Recipe by Oolala
Quick to prepare. I saw it in the Sun Sentinel but it is adapted from Bite Size: Elegant Recipes for Entertaining, Francoise Payard.
- 20 large cherry tomatoes
- 8 ounces goat cheese
- 2 tablespoons extra virgin olive oil
- 1 scallion, white and green parts, thinly sliced, diagonally
- 1 tablespoon basil, chiffonade
- 1⁄2 tablespoon tarragon, chopped
- 1⁄2 tablespoon black peppercorns, cracked
- fine sea salt, to taste
Directions See How It's Made
- Cut off top of each tomato with a sharp knife.
- Using a melon baller, scoop out and discard tomato pulp.
- In a bowl, whisk goat cheese and olive oil until smooth.

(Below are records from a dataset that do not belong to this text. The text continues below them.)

Lemma mixture_Phat_le (S : calib_index -> R) t :
  mixture q (fun k => Phat (group_scores S k)) [set x | (x <= t%:E)%E] =
  wmass_le group_weight S t.
Proof.
rewrite /mixture /wmass_le sum_calib_index; apply: eq_bigr => k _.
rewrite /Phat; case: eqP => [nk0|/eqP nk_neq0].
  rewrite big1 ?mulr0; last by move=> [j lt_j]; exfalso; move: lt_j; rewrite nk0.
  rewrite /point_mass mulr_natr mulrb.
  by case: ifP => //; rewrite in_setE /= leye_eq => /eqP.
rewrite mulrA big_distrr; apply: eq_bigr => j _; rewrite /point_mass /group_weight /=.
congr (_ * (nat_of_bool _)%:R).
by rewrite -lee_fin; apply/idP/idP => [/set_mem|/mem_set].
Qed.

Lemma group_weight_le_max i :
  group_weight i <= \big[Num.max/0]_(k < K | nk k != 0%N) (q k / (nk k)%:R).
Proof.
have nk_neq0 : nk (tag i) != 0%N.
  by case: i => k j /=; rewrite -lt0n (leq_ltn_trans _ (ltn_ord j)).
exact: (le_bigmax_cond 0 (P := fun k => nk k != 0%N) _ nk_neq0).
Qed.

End GroupWeights.

Section GroupWeightsNonneg.
Context {R : realType} {K : nat} {nk : 'I_K -> nat} {q : 'I_K -> R}.
Hypothesis q_ge0 : forall k, 0 <= q k.

Lemma group_weight_ge0 i : 0 <= group_weight nk q i.
Proof. by rewrite divr_ge0. Qed.

Lemma le_Quantile_mixture (S : calib_index nk -> R) tau y :
  (y%:E <= Quantile tau (mixture q (fun k => Phat (group_scores nk S k))))%E <->
  wmass_lt (group_weight nk q) S y < tau.
Proof.
split=> [/ereal_infP le_y_inf|lt_tau].
  rewrite ltNge; apply/negP => le_tau.
  have [t lt_ty le_t] := wmass_lt_as_le (w := group_weight nk q) S y.
  suff : (y%:E <= t%:E)%E by rewrite lee_fin leNgt lt_ty.
  by apply: le_y_inf; split => //; rewrite mixture_Phat_le le_t.
apply/ereal_infP => -[r| |] [_ le_tau] //; last by rewrite leey.
rewrite mixture_Phat_le in le_tau; rewrite lee_fin leNgt; apply/negP => lt_ry.
have := le_trans le_tau (wmass_le_lt group_weight_ge0 lt_ry).
by rewrite leNgt lt_tau.
Qed.

End GroupWeightsNonneg.

Section GWCPModel.
Context {R : realType} {d : measure_display} {T : measurableType d}
  {d1 d2 : measure_display} {X1 : measurableType d1} {Y : measurableType d2}
  {K : nat} {P : probability T R} {Pi : 'I_K -> probability (X1 * Y)%type R}
  {q : 'I_K -> R} {nk : 'I_K -> nat} {s : 'I_K -> (X1 * Y)%type -> R}
  {Z : forall k : 'I_K, 'I_(nk k) -> T -> (X1 * Y)%type}
  {G : T -> 'I_K} {Zt : T -> (X1 * Y)%type}.
Hypotheses (q_ge0 : forall k, 0 <= q k) (q_sum1 : \sum_(k < K) q k = 1)
  (ms : forall k, measurable_fun setT (s k))
  (mZ : forall k j, measurable_fun setT (Z k j))
  (mG : forall k, measurable (G @^-1` [set k]))
  (mZt : measurable_fun setT Zt)
  (Z_law : forall k j (A : set (X1 * Y)%type), measurable A ->
     P (Z k j @^-1` A) = Pi k A)
  (test_law : forall k (A : set (X1 * Y)%type), measurable A ->
     P [set x | G x = k /\ A (Zt x)] = ((q k)%:E * Pi k A)%E)
  (indep : gwcp_indep P Z G Zt).

Local Notation Ix := (calib_index nk).
Local Notation w := (group_weight nk q).
Local Notation Om := (score_space R Ix).

Definition calib_scores (x : T) (i : Ix) : R := s (tag i) (Z (tag i) (tagged i) x).
Definition test_score (x : T) : R := s (G x) (Zt x).
Definition score_pair (x : T) : Om := (calib_scores x, test_score x).
(* Forgets the test score, so that its events are independent of the group [G]. *)
Definition calib_pair (x : T) : Om := (calib_scores x, 0).

Lemma measurable_calib_event (A : Ix -> set R) : (forall i, measurable (A i)) ->
  measurable [set x | forall i, A i (calib_scores x i)].
Proof.
move=> mA; have -> : [set x | forall i, A i (calib_scores x i)] =
    \bigcap_(i in setT) (Z (tag i) (tagged i) @^-1` (s (tag i) @^-1` A i)).
  by apply/seteqP; split => [x Ax i _|x Ax i]; [exact: (Ax i) | exact: (Ax i I)].
apply: fin_bigcap_measurable; first exact: finite_finset.
by move=> i _; do 2 apply: measurable_preimage => //.
Qed.

Lemma measurable_test_event (B : set R) : measurable B ->
  measurable [set x | B (test_score x)].
Proof.
move=> mB; have -> : [set x | B (test_score x)] =
    \bigcup_(k in setT) (G @^-1` [set k] `&` Zt @^-1` (s k @^-1` B)).
  by apply/seteqP; split => [x Bx|x [k _ [/= <-]]] //; exists (G x).
apply: fin_bigcup_measurable; first exact: finite_finset.
by move=> k _; apply: measurableI => //; do 2 apply: measurable_preimage => //.
Qed.

Lemma measurable_score_pair : measurable_fun setT score_pair.
Proof.
apply: measurable_fun_score => A B mA mB.
have -> : score_pair @^-1` score_rect A B =
  [set x | forall i, A i (calib_scores x i)] `&` [set x | B (test_score x)] by [].
apply: measurableI; [exact: measurable_calib_event | exact: measurable_test_event].
Qed.

Lemma measurable_calib_pair : measurable_fun setT calib_pair.
Proof.
apply: measurable_fun_score => A B mA mB.
have -> : calib_pair @^-1` score_rect A B =
  [set x | forall i, A i (calib_scores x i)] `&` [set _ | B 0] by [].
apply: measurableI; first exact: measurable_calib_event.
by rewrite -[X in measurable X]setTI; exact: (measurable_cst (0 : R)).
Qed.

- Stir in scallions, basil, tarragon and black pepper; season with salt.
- Place cheese mixture in plastic pastry bag, or resealable plastic bag with a 1/4 inch opening cut in tip or corner.
- You can prepare cheese a few hours before your party and keep it refrigerated, but it's.
- best to place it in a bag and pipe it shortly before serving.
- Season inside of each tomato with salt.
- Pipe in enough cheese mixture so that the filling is just coming out of the top.